1942
26 июня
Три
часа. Полчаса тому назад были минуты, которые хотелось остановить, растянуть в часы, дни: били бешено и испуганно зенитки,
гудели, завывая и захлебываясь от злобы, "длиннохвостые", вылетевшие в
дозор. А где-то высоко летели наши
самолеты. Незаметно, украдкой, под каким-нибудь
предлогом, молодежь выбегала во дворы и смотрела в небо. Наклеив на дверь
бюро записку: "Сейчас вернусь", вышла и я, направляясь к
террасе. Зенитки замолкли. "Длиннохвостые" куда-то
исчезли. И небо было чистое, .близкое, свое.
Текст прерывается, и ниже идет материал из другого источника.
Definition kl_good (E : {set {set T}}) (k l : nat) (c : {set T} -> nat) : Prop :=
  forall S : {set T}, #|S| = k ->
    exists (V : 'I_l -> {set T}) (F : 'I_l -> {set {set T}}),
      [/\ (forall i, is_tree E (V i) (F i)),
          (forall i, S \subset V i),
          (forall i, proper_tree c (F i)) &
          (forall i j, i != j -> F i :&: F j = set0 /\ V i :&: V j = S)].

Definition coloring_with (E : {set {set T}}) (q : nat) (c : {set T} -> nat) : Prop :=
  forall e, e \in E -> c e < q.

Definition px_eq (E : {set {set T}}) (k l p : nat) : Prop :=
  (exists c, coloring_with E p c /\ kl_good E k l c) /\
  (forall q, q < p -> ~ exists c, coloring_with E q c /\ kl_good E k l c).

End Graphs.

Definition K_edges (m n : nat) : {set {set ('I_m + 'I_n)%type}} :=
  [set [set inl i; inr j] | i : 'I_m, j : 'I_n].

Definition bigO_pow (m : nat -> nat) (r : R) : Prop :=
  exists (C : R) (N0 : nat), (0 < C)%R /\
    forall n : nat, (N0 <= n)%N -> (0 < n)%N ->
      (INR (m n) <= C * Rpower (INR n) r)%R.

From mathcomp Require Import all_boot zify.
From Stdlib Require Import Reals.
Set Implicit Arguments. Unset Strict Implicit. Unset Printing Implicit Defensive.

(* Colour the edge {a, b} of K_{m,n} by the parity of a + b, and sort the vertices
   into four classes by side and by parity of index.  A path whose q-th vertex lies
   in class q mod 4 alternates between the sides, and the colours of its edges
   alternate, so it is a proper tree.  Given a k-set S, each of the l paths has 8k
   slots: the u-th vertex s of S sits in slot 8u + class(s) and every other slot gets
   a fresh vertex of the right class, used by no other path.  Each class has at
   least n/2 vertices, so n >= 18kl leaves enough of them.  No two vertices of S are
   consecutive on a path, hence every edge has a private endpoint and the paths are
   internally disjoint.  One colour is not enough: in a monochromatic proper tree
   the edge at a vertex is the only one, so the tree has at most two vertices.
   Only n <= m(n) is used. *)

Lemma adj_of_sym (T : finType) (F : {set {set T}}) : symmetric (adj_of F).
Proof. by move=> x y; rewrite /adj_of setUC. Qed.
Люди поднимали к нему головы и,
переглядываясь, тайком улыбались. Как не хочется идти в
бюро! Глаз не оторвешь от неба. Вон там, за этим высо-
ким и недосягаемым завитком дымчатого облачка, промчались они, наши
самолеты, промелькнули короткой надеждой и
исчезли. В помещение бюро торопливо вошла
Нюся: - Слышали? -
Слышала. - Видели? -
Нет. А вы? - Была как раз во дворе. Высоко, очень
высоко, около самого солнца, летали они, наши
ястребки! - Мы для них еще далекий-далекий
тыл... - А через год они будут появляться чаще. Ой,
будут, вот увидите! Нюся исчезает, появляется Зина. И
снова звучит: - Слышали?
Видели? Но это оживление вновь омрачали смерти.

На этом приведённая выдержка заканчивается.